(* Let $G_1$ be a restricted frame graph, let $G_2$ be a chandelier with pivot $p$, and let $v\in V(G_1)$. Then the graph obtained from the disjoint union of $G_1$ and $G_2$ by identifying $v$ with $p$ is a restricted frame graph.
   Context: A chandelier is a graph obtained from a tree $T$ by adding a new vertex, the pivot, adjacent to every leaf of $T$. A frame is the boundary of an axis-parallel box $I\times J\subset\mathbb R^2$. A graph $G$ is a restricted frame graph if there is a family of frames $\{F_u : u\in V(G)\}$ with $uw\in E(G)$ iff $F_u\cap F_w\neq\emptyset$, satisfying: (1) corners of a frame do not coincide with any point of another frame; (2) the left side of any frame does not intersect any other frame; (3) if the right side of a frame intersects a second frame, this right side intersects both the top and the bottom side of the second frame; (4) if two frames have non-empty intersection, then no frame is entirely contained in the intersection of the two regions bounded by these two frames. *)

From Stdlib Require Import Reals.
From mathcomp Require Import all_boot.

Set Implicit Arguments.
Unset Strict Implicit.
Unset Printing Implicit Defensive.

(* A frame is the boundary of the axis-parallel box [fl, fr] x [fb, ft];
   non-degeneracy (fl < fr, fb < ft) is required in [restricted_frame_graph]. *)
Record frame := Frame { fl : R; fr : R; fb : R; ft : R }.

Section FrameGeom.
Local Open Scope R_scope.

Definition frame_ok (F : frame) : Prop := fl F < fr F /\ fb F < ft F.

Definition in_region (F : frame) (x y : R) : Prop :=
  fl F <= x <= fr F /\ fb F <= y <= ft F.

Definition left_side (F : frame) (x y : R) : Prop :=
  x = fl F /\ fb F <= y <= ft F.
Definition right_side (F : frame) (x y : R) : Prop :=
  x = fr F /\ fb F <= y <= ft F.
Definition bottom_side (F : frame) (x y : R) : Prop :=
  y = fb F /\ fl F <= x <= fr F.
Definition top_side (F : frame) (x y : R) : Prop :=
  y = ft F /\ fl F <= x <= fr F.

Definition on_frame (F : frame) (x y : R) : Prop :=
  left_side F x y \/ right_side F x y \/ bottom_side F x y \/ top_side F x y.

Definition corner (F : frame) (x y : R) : Prop :=
  (x = fl F \/ x = fr F) /\ (y = fb F \/ y = ft F).

Definition frames_meet (F G : frame) : Prop :=
  exists x y, on_frame F x y /\ on_frame G x y.

End FrameGeom.

(* A (finite simple) graph is an irreflexive relation [e] on a finType.
   [e] is a restricted frame graph if it is the intersection graph of a
   family of frames satisfying conditions (1)-(4). *)
Definition restricted_frame_graph (T : finType) (e : rel T) : Prop :=
  irreflexive e /\
  exists F : T -> frame,
    (forall u, frame_ok (F u)) /\
    (forall u w, u != w -> (e u w <-> frames_meet (F u) (F w))) /\
    (forall u w, u != w -> forall x y, corner (F u) x y -> ~ on_frame (F w) x y) /\
    (forall u w, u != w -> forall x y, left_side (F u) x y -> ~ on_frame (F w) x y) /\
    (forall u w, u != w ->
       (exists x y, right_side (F u) x y /\ on_frame (F w) x y) ->
       (exists x y, right_side (F u) x y /\ top_side (F w) x y) /\
       (exists x y, right_side (F u) x y /\ bottom_side (F w) x y)) /\
    (forall u w, u != w -> frames_meet (F u) (F w) ->
       forall z, ~ (forall x y, on_frame (F z) x y ->
                      in_region (F u) x y /\ in_region (F w) x y)).

Definition del_rel (T : finType) (e : rel T) (p : T) : rel T :=
  [rel x y | [&& e x y, x != p & y != p]].

Definition is_tree_minus (T : finType) (e : rel T) (p : T) : Prop :=
  (exists x : T, x != p) /\
  (forall x y, x != p -> y != p -> connect (del_rel e p) x y) /\
  (forall s : seq T, uniq s -> 2 < size s -> ~~ cycle (del_rel e p) s).

Definition leaf_minus (T : finType) (e : rel T) (p : T) (x : T) : bool :=
  (x != p) && (#|[set y | del_rel e p x y]| == 1).

Definition chandelier (T : finType) (e : rel T) (p : T) : Prop :=
  irreflexive e /\ symmetric e /\ is_tree_minus e p /\
  (forall x, x != p -> (e p x = leaf_minus e p x)).

(* vertex set: V1 + (V2 \ {p}); the identified vertex is [inl v]. *)
Definition glue (V1 V2 : finType) (p : V2) (e1 : rel V1) (e2 : rel V2) (v : V1)
  : rel (V1 + {x : V2 | x != p}) :=
  fun a b =>
    match a, b with
    | inl x, inl y => e1 x y
    | inr x, inr y => e2 (val x) (val y)
    | inl x, inr y => (x == v) && e2 p (val y)
    | inr x, inl y => (y == v) && e2 (val x) p
    end.

Arguments glue {V1 V2} p e1 e2 v.

(** Root the tree G2 - p at a vertex that is not a leaf (if there is one) and draw
    each vertex x as a frame with horizontal span [depth x, depth x + 3/2] and a
    vertical band nested in the band of its parent, siblings occupying disjoint
    slots.  The right side of a parent then crosses exactly the frames of its
    children, any other two frames are disjoint or nested, and the leaf frames are
    stretched to the right across a common vertical line.  Shrinking this picture
    into a small square around the top-right corner of the frame of v, with that
    line sent to the right side of v, makes the frame of v cross exactly the leaf
    frames, so it plays the role of the pivot; as no other frame of G1 comes near
    that corner, conditions (1)-(4) follow from those of G1 and of the tree picture. *)

From Stdlib Require Import Reals Lra.
From mathcomp Require Import all_boot zify.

# # # #

TASK STATEMENT:
Each line of the listing is to be repeated exactly.

SOLUTION TO THIS PROBLEM:
(* Let $G_1$ be a restricted frame graph, let $G_2$ be a chandelier with pivot $p$, and let $v\in V(G_1)$. Then the graph obtained from the disjoint union of $G_1$ and $G_2$ by identifying $v$ with $p$ is a restricted frame graph.
   Context: A chandelier is a graph obtained from a tree $T$ by adding a new vertex, the pivot, adjacent to every leaf of $T$. A frame is the boundary of an axis-parallel box $I\times J\subset\mathbb R^2$. A graph $G$ is a restricted frame graph if there is a family of frames $\{F_u : u\in V(G)\}$ with $uw\in E(G)$ iff $F_u\cap F_w\neq\emptyset$, satisfying: (1) corners of a frame do not coincide with any point of another frame; (2) the left side of any frame does not intersect any other frame; (3) if the right side of a frame intersects a second frame, this right side intersects both the top and the bottom side of the second frame; (4) if two frames have non-empty intersection, then no frame is entirely contained in the intersection of the two regions bounded by these two frames. *)

From Stdlib Require Import Reals.
From mathcomp Require Import all_boot.

Set Implicit Arguments.
Unset Strict Implicit.
Unset Printing Implicit Defensive.

(* A frame is the boundary of the axis-parallel box [fl, fr] x [fb, ft];
   non-degeneracy (fl < fr, fb < ft) is required in [restricted_frame_graph]. *)
Record frame := Frame { fl : R; fr : R; fb : R; ft : R }.

Section FrameGeom.
Local Open Scope R_scope.

Definition frame_ok (F : frame) : Prop := fl F < fr F /\ fb F < ft F.

Definition in_region (F : frame) (x y : R) : Prop :=
  fl F <= x <= fr F /\ fb F <= y <= ft F.

Definition left_side (F : frame) (x y : R) : Prop :=
  x = fl F /\ fb F <= y <= ft F.
Definition right_side (F : frame) (x y : R) : Prop :=
  x = fr F /\ fb F <= y <= ft F.
Definition bottom_side (F : frame) (x y : R) : Prop :=
  y = fb F /\ fl F <= x <= fr F.
Definition top_side (F : frame) (x y : R) : Prop :=
  y = ft F /\ fl F <= x <= fr F.

Definition on_frame (F : frame) (x y : R) : Prop :=
  left_side F x y \/ right_side F x y \/ bottom_side F x y \/ top_side F x y.

Definition corner (F : frame) (x y : R) : Prop :=
  (x = fl F \/ x = fr F) /\ (y = fb F \/ y = ft F).

Definition frames_meet (F G : frame) : Prop :=
  exists x y, on_frame F x y /\ on_frame G x y.

End FrameGeom.

(* A (finite simple) graph is an irreflexive relation [e] on a finType.
   [e] is a restricted frame graph if it is the intersection graph of a
   family of frames satisfying conditions (1)-(4). *)
Definition restricted_frame_graph (T : finType) (e : rel T) : Prop :=
  irreflexive e /\
  exists F : T -> frame,
    (forall u, frame_ok (F u)) /\
    (forall u w, u != w -> (e u w <-> frames_meet (F u) (F w))) /\
    (forall u w, u != w -> forall x y, corner (F u) x y -> ~ on_frame (F w) x y) /\
    (forall u w, u != w -> forall x y, left_side (F u) x y -> ~ on_frame (F w) x y) /\
    (forall u w, u != w ->
       (exists x y, right_side (F u) x y /\ on_frame (F w) x y) ->
       (exists x y, right_side (F u) x y /\ top_side (F w) x y) /\
       (exists x y, right_side (F u) x y /\ bottom_side (F w) x y)) /\
    (forall u w, u != w -> frames_meet (F u) (F w) ->
       forall z, ~ (forall x y, on_frame (F z) x y ->
                      in_region (F u) x y /\ in_region (F w) x y)).

Definition del_rel (T : finType) (e : rel T) (p : T) : rel T :=
  [rel x y | [&& e x y, x != p & y != p]].

Definition is_tree_minus (T : finType) (e : rel T) (p : T) : Prop :=
  (exists x : T, x != p) /\
  (forall x y, x != p -> y != p -> connect (del_rel e p) x y) /\
  (forall s : seq T, uniq s -> 2 < size s -> ~~ cycle (del_rel e p) s).

Definition leaf_minus (T : finType) (e : rel T) (p : T) (x : T) : bool :=
  (x != p) && (#|[set y | del_rel e p x y]| == 1).

Definition chandelier (T : finType) (e : rel T) (p : T) : Prop :=
  irreflexive e /\ symmetric e /\ is_tree_minus e p /\
  (forall x, x != p -> (e p x = leaf_minus e p x)).

(* vertex set: V1 + (V2 \ {p}); the identified vertex is [inl v]. *)
Definition glue (V1 V2 : finType) (p : V2) (e1 : rel V1) (e2 : rel V2) (v : V1)
  : rel (V1 + {x : V2 | x != p}) :=
  fun a b =>
    match a, b with
    | inl x, inl y => e1 x y
    | inr x, inr y => e2 (val x) (val y)
    | inl x, inr y => (x == v) && e2 p (val y)
    | inr x, inl y => (y == v) && e2 (val x) p
    end.

Arguments glue {V1 V2} p e1 e2 v.

(** Root the tree G2 - p at a vertex that is not a leaf (if there is one) and draw
    each vertex x as a frame with horizontal span [depth x, depth x + 3/2] and a
    vertical band nested in the band of its parent, siblings occupying disjoint
    slots.  The right side of a parent then crosses exactly the frames of its
    children, any other two frames are disjoint or nested, and the leaf frames are
    stretched to the right across a common vertical line.  Shrinking this picture
    into a small square around the top-right corner of the frame of v, with that
    line sent to the right side of v, makes the frame of v cross exactly the leaf
    frames, so it plays the role of the pivot; as no other frame of G1 comes near
    that corner, conditions (1)-(4) follow from those of G1 and of the tree picture. *)

From Stdlib Require Import Reals Lra.
From mathcomp Require Import all_boot zify.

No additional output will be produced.